Dataset entries

* * * *

Lemma le0_of_le_half_ubound (A : set R) (h : R -> R) :
  (exists B, forall s, A s -> h s <= B) ->
  (forall B, 0 <= B -> (forall s, A s -> h s <= B) -> forall s, A s -> h s <= B / 2) ->
  forall s, A s -> h s <= 0.
Proof.
move=> [B0 hB0] halve s As.
pose S := h @` A.
have S_ub : has_ubound S by exists B0 => _ [r Ar <-]; exact: hB0.
have S_sup r : A r -> h r <= sup S by move=> Ar; apply: ub_le_sup => //; exists r.
have [sup_le0|sup_gt0] := leP (sup S) 0; first exact: le_trans (S_sup s As) sup_le0.
have : sup S <= sup S / 2.
  apply: ge_sup; first by exists (h s), s.
  by move=> _ [r Ar <-]; apply: halve => //; exact: ltW.
lra.
Qed.

Lemma common_radius (I : finType) (P : I -> R -> Prop) :
  (forall i, exists2 d : R, 0 < d & forall r, 0 <= r < d -> P i r) ->
  exists2 d : R, 0 < d & forall i r, 0 <= r < d -> P i r.
Proof.
move=> radius.
have /choice[d dP] : forall i, exists d : R, 0 < d /\ forall r, 0 <= r < d -> P i r.
  by move=> i; have [d d0 Pd] := radius i; exists d.
exists (\big[Order.min/1]_i d i) => [|i r /andP[r0 rd]].
  by apply: lt_bigmin => // i _; exact: (dP i).1.
by apply: (dP i).2; rewrite r0 (lt_le_trans rd) ?bigmin_le.
Qed.

Lemma small_step_for_rate (m t : R) : 0 <= m -> 0 < t ->
  exists2 d, 0 < d <= t & m * d <= 2^-1.
Proof.
move=> m_ge0 t_gt0; have m1 : 0 < 2 * (m + 1) by rewrite mulr_gt0 // ltr_wpDl.
exists (Num.min t (2 * (m + 1))^-1); first by rewrite lt_min t_gt0 invr_gt0 m1 ge_min lexx.
apply: le_trans (ler_wpM2l m_ge0 (_ : _ <= (2 * (m + 1))^-1)) _; first by rewrite ge_min lexx orbT.
rewrite invfM mulrCA -[leRHS]mulr1 ler_wpM2l //.
by rewrite ler_pdivrMr ?mul1r ?lerDl // ltr_wpDl.
Qed.

Section Lipschitz.
Variables (g : R -> R) (C a b : R).
Hypothesis g_lip : forall s t, a <= s -> s <= t -> t <= b -> `|g t - g s| <= C * (t - s).

Lemma lipschitz_small_step e : 0 < e -> exists2 d, 0 < d &
  forall s t, a <= s -> s <= t -> t <= b -> t - s < d -> `|g t - g s| < e.
Proof.
move=> e0; have C1 : 0 < `|C| + 1 by rewrite ltr_wpDl.
exists (e / (`|C| + 1)) => [|s t a_s st tb std]; first by rewrite divr_gt0.
apply: le_lt_trans (g_lip a_s st tb) _.
have ts0 : 0 <= t - s by rewrite subr_ge0.
apply: le_lt_trans (ler_wpM2r ts0 (ler_norm C)) _.
apply: le_lt_trans (ler_wpM2l (normr_ge0 C) (ltW std)) _.
by rewrite mulrA ltr_pdivrMr // mulrDr mulr1 [X in X < _]mulrC ltrDl.
Qed.

Lemma lipschitz_le_left c : a < b ->
  (forall u, a <= u -> u < b -> g u <= c) -> g b <= c.
Proof.
move=> ab le_c; apply/ler_addgt0Pr => e e0.
have [d d0 step] := lipschitz_small_step e0.
pose u := Num.max a (b - d / 2).
have au : a <= u by rewrite le_max lexx.
have ub : u < b by rewrite gt_max ab ltrBlDr ltrDl divr_gt0.
have bu : b - u < d.
  have : b - d / 2 <= u by rewrite le_max lexx orbT.
  have : d / 2 < d by rewrite ltr_pdivrMr // ltr_pMr // ltr1n.
  lra.
have := step u b au (ltW ub) (lexx b) bu.
have := le_c u au ub.
rewrite ltr_norml; lra.
Qed.

Lemma lipschitz_lt_right c : a < b -> g a < c ->
  exists2 d, 0 < d & forall s, a <= s -> s < a + d -> g s < c.
Proof.
move=> ab ac; have gap : 0 < c - g a by rewrite subr_gt0.
have [d d0 step] := lipschitz_small_step gap.
exists (Num.min d (b - a)) => [|s a_s]; first by rewrite lt_min d0 subr_gt0.
rewrite -ltrBlDl lt_min => /andP[sd sb].
have sb' : s <= b by rewrite -(subrK a s) -lerBrDr ltW.
by have := step a s (lexx a) a_s sb' sd; rewrite ltr_norml; lra.
Qed.

End Lipschitz.
End Reals.

Section Integrals.
Variable R : realType.
Local Notation mu := (@lebesgue_measure R).

Lemma lebesgue_measure_itv_oc (s t : R) : s <= t -> mu `]s, t] = (t - s)%:E.
Proof.
move=> st; rewrite lebesgue_measure_itv /= lte_fin.
have [_|ts] := ltP s t; first by rewrite EFinD.
suff -> : t = s by rewrite subrr.
by apply/eqP; rewrite eq_le st ts.
Qed.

* * * *

* **WHAT YOU SHOULD DO**
Search the records above for the string "orbT". Report each line that has it.

* **EXERCISE OUTPUT**
apply: le_trans (ler_wpM2l m_ge0 (_ : _ <= (2 * (m + 1))^-1)) _; first by rewrite ge_min lexx orbT.
  have : b - d / 2 <= u by rewrite le_max lexx orbT.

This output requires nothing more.